Data section ▸

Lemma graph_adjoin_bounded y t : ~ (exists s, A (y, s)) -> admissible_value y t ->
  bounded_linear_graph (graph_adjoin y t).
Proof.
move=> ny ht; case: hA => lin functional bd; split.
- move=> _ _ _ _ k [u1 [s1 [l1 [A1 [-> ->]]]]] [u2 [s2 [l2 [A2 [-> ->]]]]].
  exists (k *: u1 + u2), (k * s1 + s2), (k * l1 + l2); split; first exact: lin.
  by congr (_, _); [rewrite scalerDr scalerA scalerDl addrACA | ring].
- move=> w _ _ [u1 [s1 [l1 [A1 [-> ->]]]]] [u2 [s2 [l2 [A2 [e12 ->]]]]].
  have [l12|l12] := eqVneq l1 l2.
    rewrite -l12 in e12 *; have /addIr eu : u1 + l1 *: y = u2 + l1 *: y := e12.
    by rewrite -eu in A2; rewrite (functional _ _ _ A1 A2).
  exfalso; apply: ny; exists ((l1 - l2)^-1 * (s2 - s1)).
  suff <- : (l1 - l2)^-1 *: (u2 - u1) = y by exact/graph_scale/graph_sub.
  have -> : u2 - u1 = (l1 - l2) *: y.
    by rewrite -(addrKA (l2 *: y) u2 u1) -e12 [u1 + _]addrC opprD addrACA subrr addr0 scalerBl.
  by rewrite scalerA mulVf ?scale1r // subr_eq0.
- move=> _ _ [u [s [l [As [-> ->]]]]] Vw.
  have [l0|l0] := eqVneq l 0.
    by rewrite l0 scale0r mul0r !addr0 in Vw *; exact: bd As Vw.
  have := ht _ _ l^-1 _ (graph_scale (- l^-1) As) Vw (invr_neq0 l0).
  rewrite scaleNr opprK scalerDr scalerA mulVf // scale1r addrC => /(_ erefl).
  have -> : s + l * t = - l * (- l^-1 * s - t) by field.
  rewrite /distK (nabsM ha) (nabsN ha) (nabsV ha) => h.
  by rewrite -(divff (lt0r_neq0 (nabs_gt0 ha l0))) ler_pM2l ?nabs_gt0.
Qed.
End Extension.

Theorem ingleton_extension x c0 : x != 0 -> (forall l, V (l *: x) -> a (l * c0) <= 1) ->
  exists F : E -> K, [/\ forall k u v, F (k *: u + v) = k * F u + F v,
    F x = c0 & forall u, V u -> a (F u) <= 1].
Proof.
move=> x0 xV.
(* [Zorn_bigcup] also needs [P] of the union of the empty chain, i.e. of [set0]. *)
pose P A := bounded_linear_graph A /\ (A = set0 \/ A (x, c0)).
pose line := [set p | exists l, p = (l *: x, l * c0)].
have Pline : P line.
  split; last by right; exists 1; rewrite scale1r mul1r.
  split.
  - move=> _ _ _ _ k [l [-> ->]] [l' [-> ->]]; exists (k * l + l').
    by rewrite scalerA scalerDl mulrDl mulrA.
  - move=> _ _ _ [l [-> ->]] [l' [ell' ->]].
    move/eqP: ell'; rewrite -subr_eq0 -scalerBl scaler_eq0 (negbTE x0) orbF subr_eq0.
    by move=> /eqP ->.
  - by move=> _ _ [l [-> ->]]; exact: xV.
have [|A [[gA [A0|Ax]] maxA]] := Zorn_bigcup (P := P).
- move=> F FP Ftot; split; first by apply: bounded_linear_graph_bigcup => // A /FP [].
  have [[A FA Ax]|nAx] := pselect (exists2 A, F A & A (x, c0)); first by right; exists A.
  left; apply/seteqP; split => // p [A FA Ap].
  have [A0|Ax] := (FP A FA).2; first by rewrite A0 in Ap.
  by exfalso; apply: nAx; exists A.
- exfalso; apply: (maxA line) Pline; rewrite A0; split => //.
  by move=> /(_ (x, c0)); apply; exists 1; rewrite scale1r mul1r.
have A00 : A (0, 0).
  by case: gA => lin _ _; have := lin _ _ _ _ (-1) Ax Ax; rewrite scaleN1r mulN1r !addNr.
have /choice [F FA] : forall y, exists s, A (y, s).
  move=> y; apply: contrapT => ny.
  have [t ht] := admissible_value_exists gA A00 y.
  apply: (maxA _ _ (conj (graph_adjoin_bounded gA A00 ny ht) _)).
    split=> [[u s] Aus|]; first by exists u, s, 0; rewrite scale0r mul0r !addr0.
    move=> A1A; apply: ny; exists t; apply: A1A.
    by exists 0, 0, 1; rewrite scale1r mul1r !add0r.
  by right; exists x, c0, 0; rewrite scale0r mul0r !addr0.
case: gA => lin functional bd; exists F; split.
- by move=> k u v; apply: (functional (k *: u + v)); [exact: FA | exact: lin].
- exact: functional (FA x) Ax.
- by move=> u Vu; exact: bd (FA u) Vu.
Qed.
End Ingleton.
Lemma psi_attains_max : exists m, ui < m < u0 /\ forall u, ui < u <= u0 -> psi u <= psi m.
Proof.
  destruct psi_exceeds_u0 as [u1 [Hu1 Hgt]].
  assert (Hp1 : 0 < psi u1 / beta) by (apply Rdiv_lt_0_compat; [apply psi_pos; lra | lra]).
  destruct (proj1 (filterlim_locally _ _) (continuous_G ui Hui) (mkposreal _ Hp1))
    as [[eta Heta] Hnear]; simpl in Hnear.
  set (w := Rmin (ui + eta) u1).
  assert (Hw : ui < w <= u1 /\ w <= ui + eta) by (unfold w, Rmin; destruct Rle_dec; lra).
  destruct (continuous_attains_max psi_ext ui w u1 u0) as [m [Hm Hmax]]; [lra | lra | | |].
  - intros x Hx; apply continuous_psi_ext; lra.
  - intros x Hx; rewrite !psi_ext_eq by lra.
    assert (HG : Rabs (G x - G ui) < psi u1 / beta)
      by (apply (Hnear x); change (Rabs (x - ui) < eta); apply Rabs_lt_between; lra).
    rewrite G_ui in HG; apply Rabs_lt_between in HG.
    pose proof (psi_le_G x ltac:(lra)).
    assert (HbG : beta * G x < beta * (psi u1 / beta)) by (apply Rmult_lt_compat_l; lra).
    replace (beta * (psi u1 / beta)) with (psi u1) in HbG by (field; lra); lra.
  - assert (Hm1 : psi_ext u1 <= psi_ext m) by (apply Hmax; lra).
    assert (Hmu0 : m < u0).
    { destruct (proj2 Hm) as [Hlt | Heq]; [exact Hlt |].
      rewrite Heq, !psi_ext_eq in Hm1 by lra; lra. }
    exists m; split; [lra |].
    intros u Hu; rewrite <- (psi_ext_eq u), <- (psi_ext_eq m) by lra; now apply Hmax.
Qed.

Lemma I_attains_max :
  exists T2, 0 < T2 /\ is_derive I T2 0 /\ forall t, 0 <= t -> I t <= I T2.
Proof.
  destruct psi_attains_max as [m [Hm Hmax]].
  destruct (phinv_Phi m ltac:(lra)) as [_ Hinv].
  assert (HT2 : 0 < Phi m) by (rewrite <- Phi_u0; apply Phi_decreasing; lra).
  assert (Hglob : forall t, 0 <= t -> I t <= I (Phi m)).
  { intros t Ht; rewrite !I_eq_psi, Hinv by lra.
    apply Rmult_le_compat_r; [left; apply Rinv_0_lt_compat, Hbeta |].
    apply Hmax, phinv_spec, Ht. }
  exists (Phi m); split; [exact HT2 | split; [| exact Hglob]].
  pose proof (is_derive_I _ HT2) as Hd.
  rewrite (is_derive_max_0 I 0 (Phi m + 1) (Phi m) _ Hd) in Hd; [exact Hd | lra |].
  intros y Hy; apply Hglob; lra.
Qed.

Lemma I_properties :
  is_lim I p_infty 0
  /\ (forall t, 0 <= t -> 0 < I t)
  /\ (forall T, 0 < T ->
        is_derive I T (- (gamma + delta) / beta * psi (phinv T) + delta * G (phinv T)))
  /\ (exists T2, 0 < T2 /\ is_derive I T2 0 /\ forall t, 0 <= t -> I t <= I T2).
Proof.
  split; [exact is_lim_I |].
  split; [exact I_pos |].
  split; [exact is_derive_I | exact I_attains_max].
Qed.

Problem requirements ▸ Only the lines above starting at the line that holds "have [|A [[gA" and ending at the line that holds "have [[A FA" are to be repeated, exactly and in full.

Written response ▸
have [|A [[gA [A0|Ax]] maxA]] := Zorn_bigcup (P := P).
- move=> F FP Ftot; split; first by apply: bounded_linear_graph_bigcup => // A /FP [].
  have [[A FA Ax]|nAx] := pselect (exists2 A, F A & A (x, c0)); first by right; exists A.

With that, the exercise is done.